One way to make the current feature useful is to offer the user to choose which semantic to use: strict or relax (better worded in the UI so as to be comprehensible by non-advanced users). This would mean I remove the document option, and just evaluate the filters as is for main document if and only if in strict mode.

That kind of feature was requested in the past (#865), and my answer at the time was to install uMatrix which always work in strict mode. The issue in OP here definitely shows that blocking whole pages is in many case often a necessity.

[chrisaljoudi]

@gorhill does it remain a necessity if I implement inline-script blocking for Safari?

[gorhill]

@chrisaljoudi I think yes. If it wasn't for ABP filter semantic, I would probably have done it like in uMatrix. There are benefits to block completely by default a connection for to a bad site -- especially for non-advanced users, because these non-advanced users are even less likely to have globally disabled scripting.

For example I am testing the behavior if it blocks by default the root document with the filter lists as is, and I see benefit already for when blocking popups: the blocked popup won't even be able to have it's payload loaded in the window, not even a connection to the remote server serving the crappy stuff with which nasty popups are made of.

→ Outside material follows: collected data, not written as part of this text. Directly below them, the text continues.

Lemma rotate_upper_unit (w t : algC) : `|w| = 1 -> `|t| = 1 ->
  0 <= 'Im w -> 0 <= 'Im t -> 'Re w <= 'Re t ->
  0 <= 'Im (w * t^*) /\ 'Re w <= 'Re (w * t^*).
Proof.
move=> nw nt iw it Rwt; rewrite ImM ReM Re_conj Im_conj.
pose a := in_algR (Creal_Re w); pose b := in_algR (Creal_Im w).
pose c := in_algR (Creal_Re t); pose d := in_algR (Creal_Im t).
have [] : 0 <= 'Im w * 'Re t - 'Re w * 'Im t /\ 'Re w <= 'Re w * 'Re t + 'Im w * 'Im t.
  apply: (@rotate_upper_unit_coords algR a b c d) => //.
  by apply: val_inj; rewrite /= unit_ReIm.
  by apply: val_inj; rewrite /= unit_ReIm.
by rewrite !mulrN opprK addrC mulrC [_ * 'Im w]mulrC; split.
Qed.

Lemma unity_root_norm (u : algC) M : (0 < M)%N -> u ^+ M = 1 -> `|u| = 1.
Proof. by move=> M_gt0 uM; apply/eqP; rewrite -(pexpr_eq1 M_gt0) // -normrX uM normr1. Qed.

Lemma unity_root_conj (u : algC) M : (0 < M)%N -> u ^+ M = 1 -> u^* = u ^+ M.-1.
Proof.
move=> M_gt0 uM; rewrite -[u^*]mulr1 -uM -(prednK M_gt0) exprS mulrA -normCKC.
by rewrite (unity_root_norm M_gt0 uM) expr1n mul1r.
Qed.

Lemma exists_max_Re (I : finType) (f : I -> algC) (P : pred I) i0 : P i0 ->
  exists2 i, P i & forall j, P j -> 'Re (f j) <= 'Re (f i).
Proof.
move=> Pi0; have Re_cmp : {in P &, forall i j, 'Re (f i) >=< 'Re (f j)}.
  by move=> i j _ _; apply: real_comparable; apply: Creal_Re.
by case: (comparable_arg_maxP Pi0 Re_cmp) => i Pi maxi; exists i.
Qed.

Lemma exists_unity_root_max_Re M (P : pred algC) u0 :
  (0 < M)%N -> u0 ^+ M = 1 -> P u0 ->
  exists t, [/\ t ^+ M = 1, P t & forall u, u ^+ M = 1 -> P u -> 'Re u <= 'Re t].
Proof.
move=> M_gt0 u0M Pu0; have [g prim_g] := C_prim_root_exists M_gt0.
have [i0 u0E] := prim_rootP prim_g u0M; rewrite {}u0E in Pu0.
have [i Pi maxi] := exists_max_Re (fun i : 'I_M => g ^+ i) (P := fun i => P (g ^+ i)) Pu0.
exists (g ^+ i); split=> //; first by rewrite exprAC (prim_expr_order prim_g) expr1n.
by move=> u /(prim_rootP prim_g) [j ->]; apply: maxi.
Qed.

Section MaxReUnityRoot.
Variables (M : nat) (t : algC).
Hypotheses (M_gt0 : (0 < M)%N) (tM : t ^+ M = 1) (t_neq1 : t != 1) (Im_t : 0 <= 'Im t).
Hypothesis t_max : forall u, u ^+ M = 1 -> u != 1 -> 0 <= 'Im u -> 'Re u <= 'Re t.

Let power u := [exists j : 'I_M, u == t ^+ j].

Let powerE j : power (t ^+ j).
Proof.
by apply/existsP; exists (Ordinal (ltn_pmod j M_gt0)); rewrite /= (expr_mod _ tM).
Qed.

Lemma max_Re_unity_root_generates u : u ^+ M = 1 -> exists j, u = t ^+ j.
Proof.
move=> uM; suff /existsP [j /eqP ->] : power u by exists j.
apply: contraT => not_power_u.
have not_power_conj v : ~~ power v -> ~~ power v^*.
  apply: contra => /existsP [j /eqP vE]; rewrite -[v]conjCK vE rmorphXn /=.
  by rewrite (unity_root_conj M_gt0 tM) -exprM powerE.
have conj_unity v : v ^+ M = 1 -> v^* ^+ M = 1 by move=> vM; rewrite -rmorphXn vM rmorph1.
have [u0 u0M [not_power_u0 Im_u0]] :
    exists2 u0, u0 ^+ M = 1 & ~~ power u0 /\ 0 <= 'Im u0.
  have /orP [Im_u|Im_u] := real_leVge (real0 _) (Creal_Im u); first by exists u.
  by exists u^*; rewrite ?conj_unity ?not_power_conj // Im_conj oppr_ge0.
have [w [wM /andP [not_power_w Im_w] w_max]] :=
  exists_unity_root_max_Re (P := fun v => ~~ power v && (0 <= 'Im v)) M_gt0 u0M
    (introT andP (conj not_power_u0 Im_u0)).
have w_neq1 : w != 1 by apply: contraNneq not_power_w => ->; rewrite -(expr0 t).
have [nw nt] := (unity_root_norm M_gt0 wM, unity_root_norm M_gt0 tM).
have [Im_wt Re_wt] := rotate_upper_unit nw nt Im_w Im_t (t_max wM w_neq1 Im_w).
have wtM : (w * t^*) ^+ M = 1 by rewrite exprMn conj_unity ?wM ?mulr1.
have not_power_wt : ~~ power (w * t^*).
  apply: contra not_power_w => /existsP [j /eqP wtE].
  have tt : t^* * t = 1 by rewrite -normCKC nt expr1n.
  by rewrite -[w]mulr1 -tt mulrA wtE -exprSr powerE.
have wt_eq_w : w * t^* = w.
  apply: unit_Im_ge0_inj; rewrite ?(unity_root_norm M_gt0 wtM) //.
  by apply/le_anti; rewrite Re_wt w_max // not_power_wt.
have conj_t_eq1 : t^* = 1.
  by apply: (mulfI (x := w)); rewrite ?wt_eq_w ?mulr1 // -normr_eq0 nw oner_neq0.
by move: t_neq1; rewrite -[t]conjCK conj_t_eq1 rmorph1 eqxx.
Qed.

So currently I am aiming at blocking by default, and to have a setting to fall back to ABP mode if someone chooses so, because non-advanced users are the ones to benefit the most from this behavior. So long as it is easy to un-block permanently a site from uBlock's replacement doc in case of false positive, that shouldn't be a problem for anybody I figure.

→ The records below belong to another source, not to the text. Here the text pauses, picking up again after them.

(* The time-discrete first order scheme consisting of $$\widehat\rho=\rho^n-\Delta t\nabla\cdot(\rho\mathbf u)^n,\ \widehat{\rho\mathbf u}=(\rho\mathbf u)^n-\Delta t\nabla\cdot(\rho\mathbf u\otimes\mathbf u+p\,\mathrm{Id})^n,\ \widehat{\rho E}=(\rho E)^n-\Delta t\nabla\cdot((\rho E+\Pi)^n\mathbf u^n),$$ $$\rho^{n+1}=\widehat\rho,\qquad (\rho\mathbf u)^{n+1}=\widehat{\rho\mathbf u}-\frac{1-\varepsilon^2}{\varepsilon^2}\Delta t\nabla p^{n+1},$$ and the elliptic pressure equation $$-\frac{(1-\varepsilon^2)^2}{\varepsilon^2}\Delta t^2\nabla\cdot\Big(\frac{(p-p_\infty)^{n+1}}{\widehat\rho}\nabla p^{n+1}\Big)+\frac{p^{n+1}}{\gamma-1}=-\frac{(1-\varepsilon^2)^2}{2\varepsilon^2}\frac{\Delta t^2}{\widehat\rho}\|\nabla p^{n+1}\|^2-(1-\varepsilon^2)\Delta t(p-p_\infty)^{n+1}\nabla\cdot\widehat{\mathbf u}+\frac{\widehat p}{\gamma-1}$$ (with $\widehat{\mathbf u}=\widehat{\rho\mathbf u}/\widehat\rho$, $\widehat p=(\gamma-1)(\widehat{\rho E}-\frac{\varepsilon^2}{2}\widehat\rho\|\widehat{\mathbf u}\|^2)$) is asymptotic preserving in the following sense: the leading order asymptotic expansion of the numerical solution is a consistent approximation of the incompressible Euler equations $$\rho^{(0)}_t+\nabla\cdot(\rho^{(0)}\mathbf u^{(0)})=0,\quad (\rho^{(0)}\mathbf u^{(0)})_t+\nabla\cdot(\rho^{(0)}\mathbf u^{(0)}\otimes\mathbf u^{(0)})+\nabla p^{(2)}=0,\quad \nabla\cdot\mathbf u^{(0)}=-\frac{1}{\gamma p^{(0)}}\frac{dp^{(0)}}{dt}.$$
   Context: Nondimensionalised Euler equations in $\mathbb R^d$ with conserved variables $(\rho,\rho\mathbf u,\rho E)$, equation of state $p=(\gamma-1)(\rho E-\frac{\varepsilon^2}{2}\rho\|\mathbf u\|^2)$, $\gamma>1$, reference Mach number $0<\varepsilon\le1$. Auxiliary pressure $\Pi=\varepsilon^2p+(1-\varepsilon^2)p_\infty$ with reference pressure $p_\infty(t)=\inf_{\mathbf x}p(\mathbf x,t)$. The asymptotic analysis expands all variables as $f=f^{(0)}+\varepsilon f^{(1)}+\varepsilon^2f^{(2)}+\mathcal O(\varepsilon^3)$; in the limit system $p^{(0)}=p^{(0)}(t)$ is spatially constant and $p^{(2)}$ is the incompressible pressure. *)

From HB Require Import structures.
From mathcomp Require Import all_boot all_order all_algebra.
From mathcomp Require Import all_classical all_reals all_analysis.
Set Implicit Arguments. Unset Strict Implicit. Unset Printing Implicit Defensive.
Import Order.TTheory GRing.Theory Num.Theory.
Import numFieldNormedType.Exports.
Local Open Scope classical_set_scope.
Local Open Scope ring_scope.

Section EulerScheme.
Variables (R : realType) (d : nat).
Local Notation V := 'rV[R]_d.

So I count on the dev build to road-test the idea. The key will be for a user to be able to easily un-block permanently from the replacement doc (it can be done only temporarily currently). I think I will skip publishing a new release next week end so that this is really thoroughly tested for as long as it takes.

[gorhill]

Meanwhile, following @Deathamns comment above, I figure it's better to use the same technique for Chromium, so I had to add a new vAPI.tabs method, which will need to be implemented for other platforms:

vAPI.tabs.replace(tabId, url)

Which purpose is to load a new URL into an existing tab. If the tab does not exist, it's a noop. I didn't want to extend vAPI.tabs.open, it's already complicated enough.

[vassudanagunta]

Newb question: I'd like to help test the dev version on Mac/Safari. How would I do that?

[chrisaljoudi]

@vasvasvas right now that's not possible unless you build it yourself, unfortunately.

[lewisje]

I remember proposing a different option name, $main, for whole-site blocking, precisely because $document was used for a different purpose (maybe main could be used in a whitelist to mean "allow matching URLs to be loaded from the address bar, but not necessarily any sub-resources" while document in a whitelist, in ABP, means "allow all sub-resources to be loaded if the URL in the address bar matches").

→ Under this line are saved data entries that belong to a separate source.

Let A := Acoef X Y B.
Let G := Rmat X Y B.
Let B' := ist_step X Y lam B.

Lemma rden_gt0 t : 0 < rden X Y B t.
Proof. by rewrite mulr_gt0 ?(sqrt_n0_gt0 R n0_gt0). Qed.

Lemma rden_inv_le_Acoef t : (rden X Y B t)^-1 <= A.
Proof.
rewrite /A /Acoef (bigD1 t) //= lerDl.
by apply: sumr_ge0 => t' _; rewrite invr_ge0 ltW ?rden_gt0.
Qed.

Lemma Acoef_gt0 : 0 < A.
Proof.
by apply: lt_le_trans (rden_inv_le_Acoef (Ordinal k_gt0)); rewrite invr_gt0 rden_gt0.
Qed.

Lemma col_Rmat t : col t G = (rden X Y B t)^-1 *: ((X t)^T *m (X t *m col t B - Y t)).
Proof. by apply/colP => l; rewrite !mxE. Qed.

Lemma loss_ge_tangent Z : loss B + fdot G (Z - B) <= loss Z.
Proof.
rewrite /loss fdot_col !mulr_sumr -big_split /=.
apply: ler_sum => t _.
rewrite -[Y t - _]opprB -[Y t - X t *m col t Z]opprB !cnormN col_Rmat [col t (Z - B)]linearB.
exact: resid_norm_ge_tangent (sqrt_n0_gt0 R n0_gt0) (resid_gt0 t) (col t Z).
Qed.

Lemma loss_le_majorant Z :
  loss Z <= loss B + fdot G (Z - B) + A / 2 * fdot (Z - B) (Z - B).
Proof.
rewrite /loss !fdot_col !mulr_sumr -!big_split /=.
apply: ler_sum => t _.
rewrite -[Y t - _]opprB -[Y t - X t *m col t B]opprB !cnormN col_Rmat [col t (Z - B)]linearB edotxx.
apply: (resid_norm_le_majorant (sqrt_n0_gt0 R n0_gt0) (resid_gt0 t)).
  exact: rden_inv_le_Acoef.
exact: frob2X_le1.
Qed.

Lemma penalty_prox Z :
  fdot (Z - B') (A *: (B - B') - G) <= lam * penalty Z - lam * penalty B'.
Proof.
by apply: soft_thr_rows_prox Acoef_gt0 lam_ge0 _ => l; apply/rowP => j; rewrite !mxE.
Qed.

Lemma ist_step_three_point Z :
  objF X Y lam B' + A / 2 * fdot (Z - B') (Z - B')
    <= objF X Y lam Z + A / 2 * fdot (Z - B) (Z - B).
Proof.
have majorant := loss_le_majorant B'.
have tangent := loss_ge_tangent Z.
have prox := penalty_prox Z.
have := fdot_three_point A G Z B B'.
by rewrite !objFE; lra.
Qed.

End Step.

End ProximalStep.

Section MajorizedDescent.
Variables (R : realType) (p k : nat) (G : 'M[R]_(p, k) -> R)
  (beta : nat -> 'M[R]_(p, k)) (A : nat -> R) (Amax c C : R).
Implicit Types B Z Bs : 'M[R]_(p, k).
Hypothesis A_gt0 : forall m, 0 < A m.
Hypothesis A_le : forall m, A m <= Amax.
Hypothesis c_gt0 : 0 < c.
Hypothesis G_ge_entry : forall B l t, c * `|B l t| <= G B.
Hypothesis G_lipschitz : forall B (B' : 'M[R]_(p, k)) d, 0 <= d ->
  (forall l t, `|B l t - B' l t| <= d) -> G B <= G B' + C * d.
Hypothesis three_point : forall m Z,
  G (beta m.+1) + A m / 2 * fdot (Z - beta m.+1) (Z - beta m.+1)
    <= G Z + A m / 2 * fdot (Z - beta m) (Z - beta m).

Let dist2 Z m := fdot (Z - beta m) (Z - beta m).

With that said, your implementation of whole-site blocking overcomes the issues I ran into when I was hacking away at ABP in 2013, because it allows people to temporarily go through anyway in case of false positives (for example, if you're trying to view a forum about AdSense and it gets blocked).

[drm200]

I'm doing some testing with uBlock ... I have one dynamic rule only: * * * block

I thought that this would block all pages/domains from loading ... But it does not ... if i enter a url like: www.facebook.com ... a portion of the webpage still downloads and loads. If I look at the network log I find that the type "doc" is not being blocked for facebook.com ..

If I understand from the above conversation ... the root page (the "doc" type as shown in the log) is the cause for this ... What is not clear, is how I can work around this problem and block any/all network activiity with the blocked domains. Is this possible with uBlock?